WHAT IS REQUIRED
In the records below, count every line containing "elim". Reply with the number only.
[TASK MATERIAL — start]
(* Let $\mathcal A\subseteq 2^\Pi\setminus\{\emptyset\}$ be a symmetric adversary. Then $\mathit{setcon}(\mathcal A)=|\{k\in\{1,\dots,n\}:\exists S\in\mathcal A,\ |S|=k\}|$.
   Context: An adversary is a set $\mathcal A\subseteq 2^\Pi$ of subsets (live sets) of the process set $\Pi=\{p_1,\dots,p_n\}$. It is symmetric if for all $S\in\mathcal A$ and all $S'\subseteq\Pi$ with $|S'|=|S|$, $S'\in\mathcal A$. $\mathcal A|_P=\{S\in\mathcal A: S\subseteq P\}$. The set consensus power is defined recursively by $\mathit{setcon}(\emptyset)=0$ and, for $\mathcal A\ne\emptyset$, $\mathit{setcon}(\mathcal A)=\max_{S\in\mathcal A}\min_{a\in S}\mathit{setcon}(\mathcal A|_{S\setminus\{a\}})+1$. *)

From mathcomp Require Import all_boot.
Set Implicit Arguments. Unset Strict Implicit. Unset Printing Implicit Defensive.

(* Processes Pi = 'I_n; an adversary is a set of live sets. *)
Definition restrict n (A : {set {set 'I_n}}) (P : {set 'I_n}) : {set {set 'I_n}} :=
  [set S in A | S \subset P].

Definition symmetric_adv n (A : {set {set 'I_n}}) : Prop :=
  forall S S' : {set 'I_n}, S \in A -> #|S'| = #|S| -> S' \in A.

(* setcon_fuel A m P computes setcon(A|_P) when m > #|P| (fuel).
   Note (A|_P)|_Q = A|_Q for Q \subset P, so recursion only tracks P.
   The min over an empty S defaults to 0 (irrelevant when the empty set
   is not a live set). *)
Fixpoint setcon_fuel n (A : {set {set 'I_n}}) (m : nat) (P : {set 'I_n}) : nat :=
  match m with
  | 0 => 0
  | m'.+1 =>
    if restrict A P == set0 then 0 else
    (\max_(S in restrict A P)
       (if S == set0 then 0 else \big[minn/m]_(a in S) setcon_fuel A m' (S :\ a))).+1
  end.

Definition setcon n (A : {set {set 'I_n}}) : nat := setcon_fuel A n.+1 setT.

From mathcomp Require Import all_boot.

Set Implicit Arguments. Unset Strict Implicit. Unset Printing Implicit Defensive.

(* For a symmetric adversary, A|_P contains a live set of size k iff some live
   set has size k and k <= |P|.  Writing f(p) for the number of live-set sizes
   in 1..p, induction on |P| gives setcon(A|_P) = f(|P|): every removal
   S \ {a} leads to the same value f(|S| - 1), and f(|S| - 1) + 1 = f(|S|) since
   |S| is itself a live-set size; the maximum over S is attained at the largest
   live set inside P, beyond which f is constant up to |P|. *)

Lemma exists_subset_card (T : finType) (P : {set T}) k :
  k <= #|P| -> exists2 S : {set T}, S \subset P & #|S| = k.
Proof.
elim: k => [|k IH] lt_kP; first by exists set0; rewrite ?sub0set ?cards0.
have [S SP cardS] := IH (ltnW lt_kP).
have /set0Pn [x] : P :\: S != set0.
  by rewrite -card_gt0 cardsD (setIidPr SP) cardS subn_gt0.
rewrite inE => /andP [xNS xP].
by exists (x |: S); rewrite ?subUset ?sub1set ?xP ?SP // cardsU1 xNS cardS.
Qed.

Lemma big_minn_const (I : finType) (P : pred I) c m :
  c <= m -> (exists i, P i) -> \big[minn/m]_(i | P i) c = c.
Proof.
move=> le_cm [i Pi]; rewrite big_const.
have : 0 < #|P| by apply/card_gt0P; exists i.
case: #|P| => // k _; elim: k => [|k /= ->]; last exact: minnn.
exact/minn_idPl.
Qed.

Lemma bigmax_succ (I : finType) (P : pred I) (F : I -> nat) :
  (exists i, P i) -> \max_(i | P i) (F i).+1 = (\max_(i | P i) F i).+1.
Proof.
case=> i0 Pi0; apply/eqP; rewrite eqn_leq; apply/andP; split.
  by apply/bigmax_leqP => i Pi; rewrite ltnS (leq_bigmax_cond _ Pi).
by rewrite (bigmax_eq_arg i0) //; case: arg_maxnP => // i Pi _; apply: leq_bigmax_cond.
Qed.

Section SymmetricAdversary.
Variables (n : nat) (A : {set {set 'I_n}}).
Hypotheses (A0 : set0 \notin A) (Asym : symmetric_adv A).

Definition live_size k := [exists S in A, #|S| == k].

Definition live_sizes_upto p := \sum_(1 <= k < p.+1) live_size k.

Lemma live_sizes_uptoS p :
  live_sizes_upto p.+1 = live_sizes_upto p + live_size p.+1.
Proof. by rewrite /live_sizes_upto big_nat_recr. Qed.

Lemma live_sizes_upto_le p : live_sizes_upto p <= p.
Proof.
elim: p => [|p IH]; first by rewrite /live_sizes_upto big_geq.
by rewrite live_sizes_uptoS -addn1 leq_add // leq_b1.
Qed.

Lemma live_sizes_upto_mono : {homo live_sizes_upto : p q / p <= q}.
Proof.
move=> p q /subnK <-; elim: (q - p) => [|d IH] //.
by rewrite addSn live_sizes_uptoS (leq_trans IH) ?leq_addr.
Qed.

Lemma live_sizes_upto_flat p q : p <= q ->
  (forall k, p < k <= q -> ~~ live_size k) ->
  live_sizes_upto q = live_sizes_upto p.
Proof.
move=> /subnK <-; elim: (q - p) => [|d IH] noK //.
rewrite addSn live_sizes_uptoS IH => [|k /andP [lt_pk le_kq]]; last first.
  by apply: noK; rewrite lt_pk (leq_trans le_kq).
by rewrite (negbTE (noK _ _)) ?addn0 // ltnS leq_addl leqnn.
Qed.

Lemma live_sizeP (P : {set 'I_n}) k :
  live_size k -> k <= #|P| -> exists2 S, S \in restrict A P & #|S| = k.
Proof.
move=> /exists_inP [S SA /eqP cardS] le_kP.
have [S' S'P cardS'] := exists_subset_card le_kP.
by exists S' => //; rewrite inE S'P andbT (Asym SA) // cardS cardS'.
Qed.

Lemma card_restrict_gt0 (P S : {set 'I_n}) : S \in restrict A P -> 0 < #|S|.
Proof. by rewrite inE card_gt0 => /andP [SA _]; apply: contraNneq A0 => <-. Qed.

Lemma card_restrict_le (P S : {set 'I_n}) : S \in restrict A P -> #|S| <= #|P|.
Proof. by rewrite inE => /andP [_ /subset_leq_card]. Qed.

Lemma live_sizes_upto_restrict (P S : {set 'I_n}) : S \in restrict A P ->
  live_sizes_upto #|S| = (live_sizes_upto #|S|.-1).+1.
Proof.
move=> SAP; have SA : S \in A by move: SAP; rewrite inE => /andP [].
have live_S : live_size #|S| by apply/exists_inP; exists S.
move: live_S (card_restrict_gt0 SAP); case: #|S| => // s live_S _.
by rewrite live_sizes_uptoS live_S addn1.
Qed.

Lemma live_sizes_upto_restrict0 (P : {set 'I_n}) :
  restrict A P = set0 -> live_sizes_upto #|P| = 0.
Proof.
move=> AP0; rewrite (@live_sizes_upto_flat 0) //.
  by rewrite /live_sizes_upto big_geq.
move=> k /andP [_ le_kP]; apply/negP => /live_sizeP /(_ le_kP) [S].
by rewrite AP0 inE.
Qed.

Lemma bigmax_live_sizes_upto (P : {set 'I_n}) : restrict A P != set0 ->
  \max_(S in restrict A P) live_sizes_upto #|S| = live_sizes_upto #|P|.
Proof.
case/set0Pn=> S0 S0AP.
have [S SAP Smax] := arg_maxnP (fun S : {set 'I_n} => #|S|) S0AP.
apply/eqP; rewrite eqn_leq; apply/andP; split.
  by apply/bigmax_leqP => T /card_restrict_le /live_sizes_upto_mono.
rewrite (@live_sizes_upto_flat #|S|) ?card_restrict_le ?(leq_bigmax_cond _ SAP) //.
move=> k /andP [lt_Sk le_kP]; apply/negP => /live_sizeP /(_ le_kP) [T TAP cardT].
by have := Smax T TAP; rewrite cardT => /(leq_trans lt_Sk); rewrite ltnn.
Qed.

Lemma setcon_fuel_live_sizes m (P : {set 'I_n}) :
  #|P| < m -> setcon_fuel A m P = live_sizes_upto #|P|.
Proof.
elim: m P => [|m IH] P //= lt_Pm.
case: eqP => [AP0 | /eqP AP0]; first by rewrite live_sizes_upto_restrict0.
rewrite -bigmax_live_sizes_upto // -bigmax_succ; last exact/set0Pn.
apply: eq_bigr => S SAP; rewrite (live_sizes_upto_restrict SAP).
have /negbTE -> : S != set0 by rewrite -card_gt0 (card_restrict_gt0 SAP).
have le_SP := card_restrict_le SAP.
rewrite (eq_bigr (fun=> live_sizes_upto #|S|.-1)) => [|a aS]; last first.
  have cardSa : #|S :\ a| = #|S|.-1 by rewrite (cardsD1 a S) aS.
  rewrite IH cardSa // -ltnS prednK ?(card_restrict_gt0 SAP) //.
  exact: leq_ltn_trans le_SP lt_Pm.
rewrite big_minn_const //; last by apply/card_gt0P; rewrite (card_restrict_gt0 SAP).
rewrite (leq_trans (live_sizes_upto_le _)) // (leq_trans (leq_pred _)) //.
exact: leq_trans le_SP (ltnW lt_Pm).
Qed.

End SymmetricAdversary.

Theorem mainTheorem8 (n : nat) (A : {set {set 'I_n}}) :
  set0 \notin A -> symmetric_adv A ->
  setcon A = #|[set k : 'I_n.+1 | (1 <= k) && [exists S in A, #|S| == k]]|.
Proof.
move=> A0 Asym; rewrite /setcon setcon_fuel_live_sizes // cardsT card_ord //.
rewrite -sum1_card big_mkcond /=.
rewrite (eq_bigr (fun k : 'I_n.+1 => (0 < k) && live_size A k : nat)) => [|k _]; last first.
  by rewrite inE; case: (_ && _).
rewrite -(big_mkord xpredT (fun k => (0 < k) && live_size A k : nat)) big_ltn //=.
by apply: eq_big_nat => k /andP [k_gt0 _]; rewrite k_gt0.
Qed.
Lemma generic_characters_distinct :
  generic H v -> forall j l, j != l -> exists k, a j k != a l k.
Proof.
move=> gen j l jl; apply: contrapT => /forallNP a_eq.
have chi_eq t : chi t j = chi t l.
  by apply: eq_bigr => k _; move/negP/negPn/eqP: (a_eq k) => ->.
pose phi k := (k == j)%:R * coord v l - (k == l)%:R * coord v j.
have phiE x : \sum_k phi k * coord x k = coord v l * coord x j - coord v j * coord x l.
  rewrite /phi; under eq_bigr do rewrite mulrBl -!mulrA.
  by rewrite sumrB !sum_delta.
have orbit0 t : torus_point t -> \sum_k phi k * coord (T t *m v) k = 0.
  by move=> t_nz; rewrite phiE !coord_torus_elt chi_eq; ring.
have := generic_linear_relation gen orbit0 (P *m delta_mx j 0).
rewrite phiE !coord_basis eqxx eq_sym (negPf jl) mulr1 mulr0 subr0 => /eqP.
by rewrite (negPf (generic_coord_neq0 gen l)).
Qed.

(* Restricted to a curve through the cocharacter [lam] separating the characters,
   row [i] of [A] gives a nonvanishing Laurent polynomial with distinct exponents. *)
Lemma stabilizer_row_monomial g : generic H v -> orbit_stabilizer H v g -> g.2 = 0 ->
  forall i j l, j != l -> conj_entry g.1 i j = 0 \/ conj_entry g.1 i l = 0.
Proof.
move=> gen gG b0 i j l jl.
have sep (p : {p : 'I_n * 'I_n | p.1 != p.2}) :
    exists k, a (val p).1 k - a (val p).2 k != 0.
  case: p => [[j' l'] /= jl']; have [k ak] := generic_characters_distinct gen jl'.
  by exists k; rewrite subr_eq0.
have [lam lam_sep] := exists_nonorthogonal sep.
pose m j := \sum_(k < r) lam k * a j k.
have m_inj : injective m.
  move=> j1 l1 m_eq; apply/eqP; apply: contraT => jl1.
  have := lam_sep (exist _ (j1, l1) jl1).
  have -> : \sum_(k < r) lam k * (a j1 k - a l1 k) = m j1 - m l1.
    by rewrite /m -sumrB; apply: eq_bigr => k _; rewrite mulrBr.
  by rewrite m_eq subrr eqxx.
have c0 : coord g.2 i = 0 by rewrite b0 /coord mulmx0 mxE.
have row_nz z : z != 0 -> laurent (coord g.2 i)
    (fun j => conj_entry g.1 i j * coord v j * chi (fun=> 1) j) m z != 0.
  move=> z_nz; rewrite -(coord_stabilizer_cocurve g lam i torus_point1 z_nz).
  have [s s_nz ->] := stabilizer_image gG (torus_point_cocurve lam torus_point1 z_nz).
  by rewrite coord_torus_elt mulf_neq0 ?chi_neq0 ?generic_coord_neq0.
have v_nz := generic_coord_neq0 gen; have chi1_nz j := chi_neq0 j torus_point1.
by case: (laurent_single c0 m_inj row_nz jl) => /eqP;
  rewrite !mulf_eq0 (negPf (v_nz _)) (negPf (chi1_nz _)) !orbF => /eqP; [left | right].
Qed.

Definition eigen_diagonal (x : 'M[C]_n * 'cV[C]_n) : Prop :=
  forall i j, i != j -> conj_entry x.1 i j = 0.

Lemma stabilizer_diagonal_in_torus g : generic H v -> orbit_stabilizer H v g ->
  g.2 = 0 -> eigen_diagonal g -> H g.1.
Proof.
move=> gen gG b0 diag; have [s s_nz gE] := stabilizer_image gG torus_point1.
apply/HE; exists s; split=> //.
suff conjE : invmx P *m g.1 *m P = diag_mx (\row_j chi s j).
  by rewrite torus_eltE -conjE !mulmxA (mulmxK P_unit) mulmxV // mul1mx.
apply/matrixP => i j; rewrite [RHS]mxE [X in _ = X *+ _]mxE -/(conj_entry _ i j).
have [<- | ij] := eqVneq i j; last by rewrite diag.
apply: (mulIf (generic_coord_neq0 gen i)); rewrite mulr1n.
move: (congr1 (coord^~ i) gE); rewrite coord_torus_elt torus_elt1 mul1mx /aff_act.
rewrite coord_aff b0 /coord mulmx0 mxE add0r (bigD1 i) //= big1 ?addr0 // => k ki.
by rewrite diag ?mul0r // eq_sym.
Qed.

Definition conj_entry_poly (i j : 'I_n) : {mpoly C[n * n + n]} :=
  \sum_(k < n) \sum_(l < n) (invmx P i k * P l j) *: 'X_(lshift n (mxvec_index k l)).

Lemma conj_entry_polyE g i j : (conj_entry_poly i j).@[aff_coords g] = conj_entry g.1 i j.
Proof.
rewrite /conj_entry_poly (big_morph _ (mevalD _) (meval0 _)).
under eq_bigr do rewrite (big_morph _ (mevalD _) (meval0 _)).
rewrite exchange_big /conj_entry mxE; apply: eq_bigr => l _; rewrite mxE mulr_suml.
apply: eq_bigr => k _.
by rewrite mevalZ mevalXU /aff_coords row_mxEl mxvecE mulrAC.
Qed.

Definition eigen_diagonal_degenerate (x : 'M[C]_n * 'cV[C]_n) : Prop :=
  \prod_i conj_entry x.1 i i = 0.

Lemma zariski_closed_eigen_diagonal : zariski_closed eigen_diagonal.
Proof.
exists (fun p => exists i j, i != j /\ p = conj_entry_poly i j) => x; split.
  by move=> diag_x p [i [j [ij ->]]]; rewrite conj_entry_polyE diag_x.
by move=> diag_x i j ij; rewrite -conj_entry_polyE; apply: diag_x; exists i, j.
Qed.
[TASK MATERIAL — finish]
REPLY
6